* **Your goal**
Transcribe exactly the lines that fall between the one holding "Definition maxdev (d" and the one holding "Proof. unfold rsum;", inclusive, from the entries below.

Stored items:

<<<<

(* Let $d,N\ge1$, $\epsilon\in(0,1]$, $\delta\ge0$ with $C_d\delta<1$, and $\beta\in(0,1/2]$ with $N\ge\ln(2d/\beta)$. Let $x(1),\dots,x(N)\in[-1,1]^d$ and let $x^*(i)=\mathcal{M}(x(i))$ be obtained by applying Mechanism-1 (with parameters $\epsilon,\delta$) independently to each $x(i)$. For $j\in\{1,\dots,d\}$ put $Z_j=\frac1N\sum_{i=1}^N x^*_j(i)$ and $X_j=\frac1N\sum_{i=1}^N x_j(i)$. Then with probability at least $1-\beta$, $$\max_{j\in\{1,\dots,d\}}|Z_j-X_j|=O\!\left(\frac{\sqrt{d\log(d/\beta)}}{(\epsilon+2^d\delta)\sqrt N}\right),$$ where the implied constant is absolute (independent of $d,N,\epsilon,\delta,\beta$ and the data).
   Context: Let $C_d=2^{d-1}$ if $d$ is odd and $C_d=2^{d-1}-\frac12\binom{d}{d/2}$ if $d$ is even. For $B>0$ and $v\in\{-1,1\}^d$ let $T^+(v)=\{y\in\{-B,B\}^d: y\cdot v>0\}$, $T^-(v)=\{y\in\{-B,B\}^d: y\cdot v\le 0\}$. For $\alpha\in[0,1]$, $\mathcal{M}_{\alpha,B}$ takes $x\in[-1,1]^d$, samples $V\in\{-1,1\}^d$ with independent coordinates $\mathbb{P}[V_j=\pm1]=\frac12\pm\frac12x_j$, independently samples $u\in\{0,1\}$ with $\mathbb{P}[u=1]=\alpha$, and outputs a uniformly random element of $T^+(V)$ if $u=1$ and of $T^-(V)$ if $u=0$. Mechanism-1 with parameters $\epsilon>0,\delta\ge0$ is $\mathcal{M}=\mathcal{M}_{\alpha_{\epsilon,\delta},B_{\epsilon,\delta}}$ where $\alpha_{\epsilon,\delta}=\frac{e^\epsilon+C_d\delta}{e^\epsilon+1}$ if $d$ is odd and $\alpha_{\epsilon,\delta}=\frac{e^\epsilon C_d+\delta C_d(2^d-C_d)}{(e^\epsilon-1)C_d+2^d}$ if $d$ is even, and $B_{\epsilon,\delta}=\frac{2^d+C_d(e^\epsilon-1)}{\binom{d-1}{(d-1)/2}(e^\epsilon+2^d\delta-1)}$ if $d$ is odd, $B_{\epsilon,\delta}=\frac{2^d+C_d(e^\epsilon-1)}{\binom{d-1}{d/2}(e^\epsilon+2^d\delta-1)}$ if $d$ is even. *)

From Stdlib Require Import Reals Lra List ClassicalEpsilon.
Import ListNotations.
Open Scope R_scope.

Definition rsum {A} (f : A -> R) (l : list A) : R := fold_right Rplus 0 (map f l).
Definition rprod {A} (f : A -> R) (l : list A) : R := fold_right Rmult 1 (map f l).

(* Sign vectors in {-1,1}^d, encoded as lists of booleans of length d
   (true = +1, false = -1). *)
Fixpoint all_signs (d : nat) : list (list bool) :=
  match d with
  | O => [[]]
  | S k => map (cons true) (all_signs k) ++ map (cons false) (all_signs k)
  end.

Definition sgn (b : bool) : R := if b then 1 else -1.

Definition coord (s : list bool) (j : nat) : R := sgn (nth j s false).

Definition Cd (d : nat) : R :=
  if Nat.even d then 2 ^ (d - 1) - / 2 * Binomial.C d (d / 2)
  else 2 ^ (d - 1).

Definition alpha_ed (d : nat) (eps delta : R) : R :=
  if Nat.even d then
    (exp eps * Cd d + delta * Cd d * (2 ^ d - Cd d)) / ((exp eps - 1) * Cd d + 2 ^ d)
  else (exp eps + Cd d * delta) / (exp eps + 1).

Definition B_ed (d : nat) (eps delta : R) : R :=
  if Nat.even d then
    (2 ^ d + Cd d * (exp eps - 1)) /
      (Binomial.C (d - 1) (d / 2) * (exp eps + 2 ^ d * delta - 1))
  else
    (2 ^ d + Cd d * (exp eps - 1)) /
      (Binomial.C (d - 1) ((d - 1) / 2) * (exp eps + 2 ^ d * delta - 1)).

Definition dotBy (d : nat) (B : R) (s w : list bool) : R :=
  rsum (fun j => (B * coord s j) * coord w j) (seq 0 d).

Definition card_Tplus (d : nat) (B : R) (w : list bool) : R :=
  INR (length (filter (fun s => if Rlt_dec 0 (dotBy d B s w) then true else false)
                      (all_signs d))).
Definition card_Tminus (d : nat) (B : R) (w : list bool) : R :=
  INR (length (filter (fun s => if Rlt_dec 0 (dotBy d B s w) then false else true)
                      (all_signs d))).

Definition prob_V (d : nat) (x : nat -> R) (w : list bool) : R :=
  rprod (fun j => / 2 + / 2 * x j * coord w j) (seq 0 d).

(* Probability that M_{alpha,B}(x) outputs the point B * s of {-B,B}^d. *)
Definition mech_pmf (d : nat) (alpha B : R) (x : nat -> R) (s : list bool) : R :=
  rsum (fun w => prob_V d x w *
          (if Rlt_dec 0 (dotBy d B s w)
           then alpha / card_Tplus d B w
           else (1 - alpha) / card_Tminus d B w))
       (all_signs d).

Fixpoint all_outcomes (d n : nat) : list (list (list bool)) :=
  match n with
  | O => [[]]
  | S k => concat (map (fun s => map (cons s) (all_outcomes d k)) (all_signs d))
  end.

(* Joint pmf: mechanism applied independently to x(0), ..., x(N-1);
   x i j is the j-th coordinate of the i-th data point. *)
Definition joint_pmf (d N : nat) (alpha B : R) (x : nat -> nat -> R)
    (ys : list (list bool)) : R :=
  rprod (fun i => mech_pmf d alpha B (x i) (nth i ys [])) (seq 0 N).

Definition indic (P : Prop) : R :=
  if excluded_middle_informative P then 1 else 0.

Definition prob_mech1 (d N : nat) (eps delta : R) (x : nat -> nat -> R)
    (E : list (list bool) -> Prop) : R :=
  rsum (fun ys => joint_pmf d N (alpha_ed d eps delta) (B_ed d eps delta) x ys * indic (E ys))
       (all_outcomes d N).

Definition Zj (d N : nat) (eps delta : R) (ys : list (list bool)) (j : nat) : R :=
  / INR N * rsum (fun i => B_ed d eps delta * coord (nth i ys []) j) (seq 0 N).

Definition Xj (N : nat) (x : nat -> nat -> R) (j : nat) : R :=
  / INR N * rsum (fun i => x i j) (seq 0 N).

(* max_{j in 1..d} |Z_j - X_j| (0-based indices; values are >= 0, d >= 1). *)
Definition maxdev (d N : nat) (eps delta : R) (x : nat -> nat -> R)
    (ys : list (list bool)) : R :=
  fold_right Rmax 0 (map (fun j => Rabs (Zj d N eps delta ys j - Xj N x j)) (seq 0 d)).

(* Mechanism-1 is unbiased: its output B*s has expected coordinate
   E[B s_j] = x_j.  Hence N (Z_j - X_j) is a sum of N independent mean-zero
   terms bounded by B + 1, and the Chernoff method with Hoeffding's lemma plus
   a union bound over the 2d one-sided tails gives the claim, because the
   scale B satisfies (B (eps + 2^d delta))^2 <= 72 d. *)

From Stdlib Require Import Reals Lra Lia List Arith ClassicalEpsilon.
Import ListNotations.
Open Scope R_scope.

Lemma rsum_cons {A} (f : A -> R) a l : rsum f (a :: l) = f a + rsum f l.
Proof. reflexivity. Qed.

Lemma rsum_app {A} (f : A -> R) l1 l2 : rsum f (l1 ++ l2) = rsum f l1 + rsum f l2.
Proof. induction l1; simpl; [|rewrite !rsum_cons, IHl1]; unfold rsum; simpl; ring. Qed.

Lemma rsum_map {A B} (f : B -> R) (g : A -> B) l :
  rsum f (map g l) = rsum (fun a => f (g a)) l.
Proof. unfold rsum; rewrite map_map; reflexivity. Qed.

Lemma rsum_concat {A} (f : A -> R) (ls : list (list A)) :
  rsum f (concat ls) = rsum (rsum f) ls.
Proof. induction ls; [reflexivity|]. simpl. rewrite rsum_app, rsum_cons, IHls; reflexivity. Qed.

>>>>
<<<<

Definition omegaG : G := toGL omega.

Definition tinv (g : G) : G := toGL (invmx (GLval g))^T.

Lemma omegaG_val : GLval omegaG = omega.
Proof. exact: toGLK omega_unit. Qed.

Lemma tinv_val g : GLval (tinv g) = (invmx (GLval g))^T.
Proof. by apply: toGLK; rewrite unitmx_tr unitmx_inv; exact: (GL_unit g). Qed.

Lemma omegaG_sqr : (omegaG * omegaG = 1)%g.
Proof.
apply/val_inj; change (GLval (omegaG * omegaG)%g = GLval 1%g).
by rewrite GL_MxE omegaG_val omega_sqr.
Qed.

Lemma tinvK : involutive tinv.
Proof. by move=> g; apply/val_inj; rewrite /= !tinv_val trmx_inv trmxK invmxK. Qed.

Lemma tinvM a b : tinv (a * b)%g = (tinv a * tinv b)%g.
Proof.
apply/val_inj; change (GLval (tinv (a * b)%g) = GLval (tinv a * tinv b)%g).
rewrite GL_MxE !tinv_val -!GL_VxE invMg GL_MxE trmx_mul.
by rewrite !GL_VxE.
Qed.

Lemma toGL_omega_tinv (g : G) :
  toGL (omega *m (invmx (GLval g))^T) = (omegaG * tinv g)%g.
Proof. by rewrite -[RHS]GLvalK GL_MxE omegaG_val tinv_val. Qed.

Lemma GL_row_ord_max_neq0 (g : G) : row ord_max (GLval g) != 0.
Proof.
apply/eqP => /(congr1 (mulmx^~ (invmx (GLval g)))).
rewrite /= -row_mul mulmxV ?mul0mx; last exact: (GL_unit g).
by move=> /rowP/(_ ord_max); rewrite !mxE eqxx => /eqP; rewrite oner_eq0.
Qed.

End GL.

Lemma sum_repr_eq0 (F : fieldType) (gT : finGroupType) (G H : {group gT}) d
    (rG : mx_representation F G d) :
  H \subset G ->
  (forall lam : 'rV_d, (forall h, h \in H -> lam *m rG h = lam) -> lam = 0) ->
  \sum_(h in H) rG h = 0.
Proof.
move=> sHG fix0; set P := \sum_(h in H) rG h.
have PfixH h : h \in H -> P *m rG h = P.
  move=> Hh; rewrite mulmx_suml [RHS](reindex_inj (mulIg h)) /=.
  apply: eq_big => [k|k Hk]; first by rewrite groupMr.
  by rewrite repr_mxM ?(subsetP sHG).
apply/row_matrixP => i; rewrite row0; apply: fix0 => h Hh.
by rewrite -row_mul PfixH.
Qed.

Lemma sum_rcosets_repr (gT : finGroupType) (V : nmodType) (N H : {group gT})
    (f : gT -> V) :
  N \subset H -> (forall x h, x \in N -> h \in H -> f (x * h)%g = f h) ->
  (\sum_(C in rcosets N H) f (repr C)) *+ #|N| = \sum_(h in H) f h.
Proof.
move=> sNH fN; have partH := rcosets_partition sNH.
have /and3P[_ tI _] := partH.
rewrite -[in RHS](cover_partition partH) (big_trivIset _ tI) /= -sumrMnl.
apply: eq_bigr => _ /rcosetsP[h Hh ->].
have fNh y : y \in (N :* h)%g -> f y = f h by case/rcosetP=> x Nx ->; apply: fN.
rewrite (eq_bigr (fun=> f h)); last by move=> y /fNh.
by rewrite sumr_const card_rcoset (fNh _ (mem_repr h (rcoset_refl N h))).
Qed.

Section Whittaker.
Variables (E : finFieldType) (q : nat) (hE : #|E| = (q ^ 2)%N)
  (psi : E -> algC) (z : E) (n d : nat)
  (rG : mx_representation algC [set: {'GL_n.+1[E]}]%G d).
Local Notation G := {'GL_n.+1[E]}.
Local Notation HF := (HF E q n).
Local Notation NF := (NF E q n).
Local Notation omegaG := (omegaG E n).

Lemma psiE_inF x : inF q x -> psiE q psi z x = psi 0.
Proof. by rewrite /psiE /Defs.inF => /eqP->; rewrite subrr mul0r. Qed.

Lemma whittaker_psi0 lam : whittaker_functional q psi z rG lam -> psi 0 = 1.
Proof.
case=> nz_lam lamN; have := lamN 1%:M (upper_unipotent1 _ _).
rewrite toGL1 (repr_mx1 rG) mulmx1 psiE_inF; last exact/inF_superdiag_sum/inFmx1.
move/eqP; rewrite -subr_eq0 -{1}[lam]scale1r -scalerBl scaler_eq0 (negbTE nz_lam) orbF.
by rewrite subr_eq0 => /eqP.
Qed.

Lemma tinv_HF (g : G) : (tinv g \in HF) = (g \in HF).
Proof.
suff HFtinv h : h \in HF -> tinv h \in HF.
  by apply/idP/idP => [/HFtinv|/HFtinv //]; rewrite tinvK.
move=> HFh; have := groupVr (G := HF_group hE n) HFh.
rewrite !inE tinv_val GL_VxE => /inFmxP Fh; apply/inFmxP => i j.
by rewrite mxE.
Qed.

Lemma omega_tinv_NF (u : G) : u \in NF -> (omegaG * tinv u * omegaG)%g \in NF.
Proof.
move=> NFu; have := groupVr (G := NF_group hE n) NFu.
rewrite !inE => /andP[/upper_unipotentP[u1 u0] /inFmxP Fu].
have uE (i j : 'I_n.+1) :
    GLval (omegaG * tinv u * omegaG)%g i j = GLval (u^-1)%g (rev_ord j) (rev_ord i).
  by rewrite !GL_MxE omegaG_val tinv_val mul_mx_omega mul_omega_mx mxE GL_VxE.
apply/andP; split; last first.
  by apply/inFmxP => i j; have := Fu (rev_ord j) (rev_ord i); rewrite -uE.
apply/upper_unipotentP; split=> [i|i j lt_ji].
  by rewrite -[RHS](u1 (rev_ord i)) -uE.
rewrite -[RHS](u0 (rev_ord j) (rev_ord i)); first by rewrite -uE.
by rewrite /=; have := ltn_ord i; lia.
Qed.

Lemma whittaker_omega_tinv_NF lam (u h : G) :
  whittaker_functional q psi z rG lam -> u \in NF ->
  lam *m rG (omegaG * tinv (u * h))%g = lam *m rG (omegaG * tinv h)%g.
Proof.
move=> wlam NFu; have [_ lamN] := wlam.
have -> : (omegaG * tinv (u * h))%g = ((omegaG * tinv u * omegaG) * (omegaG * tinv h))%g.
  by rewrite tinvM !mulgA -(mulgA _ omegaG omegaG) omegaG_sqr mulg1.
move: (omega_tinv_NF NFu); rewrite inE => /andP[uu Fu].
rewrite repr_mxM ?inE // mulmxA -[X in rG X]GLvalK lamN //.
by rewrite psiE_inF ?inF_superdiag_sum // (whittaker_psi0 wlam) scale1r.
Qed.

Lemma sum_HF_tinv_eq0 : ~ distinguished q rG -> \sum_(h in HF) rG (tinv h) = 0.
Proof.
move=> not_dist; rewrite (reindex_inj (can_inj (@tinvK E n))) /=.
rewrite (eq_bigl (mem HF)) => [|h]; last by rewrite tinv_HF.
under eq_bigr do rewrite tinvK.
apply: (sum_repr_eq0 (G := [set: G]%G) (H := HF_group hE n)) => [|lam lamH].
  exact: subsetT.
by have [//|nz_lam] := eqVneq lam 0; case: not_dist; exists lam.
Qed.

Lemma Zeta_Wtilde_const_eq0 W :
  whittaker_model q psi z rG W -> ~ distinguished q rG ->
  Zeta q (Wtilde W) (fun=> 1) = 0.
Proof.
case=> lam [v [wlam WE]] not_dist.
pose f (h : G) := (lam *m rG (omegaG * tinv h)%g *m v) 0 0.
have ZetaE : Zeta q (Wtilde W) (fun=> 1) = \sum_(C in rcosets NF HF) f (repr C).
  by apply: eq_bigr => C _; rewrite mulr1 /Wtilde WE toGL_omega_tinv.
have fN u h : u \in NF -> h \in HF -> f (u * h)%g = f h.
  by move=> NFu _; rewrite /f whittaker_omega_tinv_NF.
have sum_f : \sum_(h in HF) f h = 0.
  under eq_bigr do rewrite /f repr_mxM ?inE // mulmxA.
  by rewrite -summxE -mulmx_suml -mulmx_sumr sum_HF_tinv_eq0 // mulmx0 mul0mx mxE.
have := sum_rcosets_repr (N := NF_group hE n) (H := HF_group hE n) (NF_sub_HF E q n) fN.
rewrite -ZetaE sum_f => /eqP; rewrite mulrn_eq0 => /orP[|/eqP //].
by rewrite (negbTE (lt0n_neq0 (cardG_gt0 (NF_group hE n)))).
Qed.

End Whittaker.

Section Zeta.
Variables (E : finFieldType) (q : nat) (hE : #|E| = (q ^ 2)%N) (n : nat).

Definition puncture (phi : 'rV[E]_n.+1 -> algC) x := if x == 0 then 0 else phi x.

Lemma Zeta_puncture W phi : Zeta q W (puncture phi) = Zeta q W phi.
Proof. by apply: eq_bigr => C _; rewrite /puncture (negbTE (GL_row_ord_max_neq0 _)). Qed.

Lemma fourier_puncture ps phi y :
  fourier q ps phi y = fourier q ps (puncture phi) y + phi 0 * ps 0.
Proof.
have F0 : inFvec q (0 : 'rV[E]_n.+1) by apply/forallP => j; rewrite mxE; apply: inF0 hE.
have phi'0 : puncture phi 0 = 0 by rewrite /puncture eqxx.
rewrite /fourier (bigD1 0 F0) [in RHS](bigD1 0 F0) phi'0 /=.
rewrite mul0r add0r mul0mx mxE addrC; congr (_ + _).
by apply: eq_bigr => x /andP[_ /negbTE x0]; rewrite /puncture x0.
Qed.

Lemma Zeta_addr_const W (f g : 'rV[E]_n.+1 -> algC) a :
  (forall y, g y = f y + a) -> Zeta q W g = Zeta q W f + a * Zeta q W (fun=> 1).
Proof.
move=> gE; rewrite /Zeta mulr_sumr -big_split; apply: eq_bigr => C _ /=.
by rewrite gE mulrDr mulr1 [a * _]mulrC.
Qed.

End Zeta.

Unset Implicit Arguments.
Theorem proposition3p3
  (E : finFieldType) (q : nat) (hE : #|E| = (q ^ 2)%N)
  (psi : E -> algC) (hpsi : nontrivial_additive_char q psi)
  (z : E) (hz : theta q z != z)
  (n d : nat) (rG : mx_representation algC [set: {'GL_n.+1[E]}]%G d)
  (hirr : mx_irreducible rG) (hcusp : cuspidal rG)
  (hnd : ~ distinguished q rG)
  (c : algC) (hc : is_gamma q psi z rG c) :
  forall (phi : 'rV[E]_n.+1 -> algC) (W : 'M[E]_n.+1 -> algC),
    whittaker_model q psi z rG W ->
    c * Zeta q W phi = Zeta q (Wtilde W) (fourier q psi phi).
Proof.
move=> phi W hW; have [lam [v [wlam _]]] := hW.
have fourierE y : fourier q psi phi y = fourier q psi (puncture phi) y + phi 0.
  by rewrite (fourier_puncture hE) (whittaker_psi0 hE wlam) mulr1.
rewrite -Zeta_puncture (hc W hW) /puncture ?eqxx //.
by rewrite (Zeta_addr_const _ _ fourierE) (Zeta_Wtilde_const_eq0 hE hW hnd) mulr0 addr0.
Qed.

>>>>

* **Answer to the exercise**
Definition maxdev (d N : nat) (eps delta : R) (x : nat -> nat -> R)
    (ys : list (list bool)) : R :=
  fold_right Rmax 0 (map (fun j => Rabs (Zj d N eps delta ys j - Xj N x j)) (seq 0 d)).

(* Mechanism-1 is unbiased: its output B*s has expected coordinate
   E[B s_j] = x_j.  Hence N (Z_j - X_j) is a sum of N independent mean-zero
   terms bounded by B + 1, and the Chernoff method with Hoeffding's lemma plus
   a union bound over the 2d one-sided tails gives the claim, because the
   scale B satisfies (B (eps + 2^d delta))^2 <= 72 d. *)

From Stdlib Require Import Reals Lra Lia List Arith ClassicalEpsilon.
Import ListNotations.
Open Scope R_scope.

Lemma rsum_cons {A} (f : A -> R) a l : rsum f (a :: l) = f a + rsum f l.
Proof. reflexivity. Qed.

Lemma rsum_app {A} (f : A -> R) l1 l2 : rsum f (l1 ++ l2) = rsum f l1 + rsum f l2.
Proof. induction l1; simpl; [|rewrite !rsum_cons, IHl1]; unfold rsum; simpl; ring. Qed.

Lemma rsum_map {A B} (f : B -> R) (g : A -> B) l :
  rsum f (map g l) = rsum (fun a => f (g a)) l.
Proof. unfold rsum; rewrite map_map; reflexivity. Qed.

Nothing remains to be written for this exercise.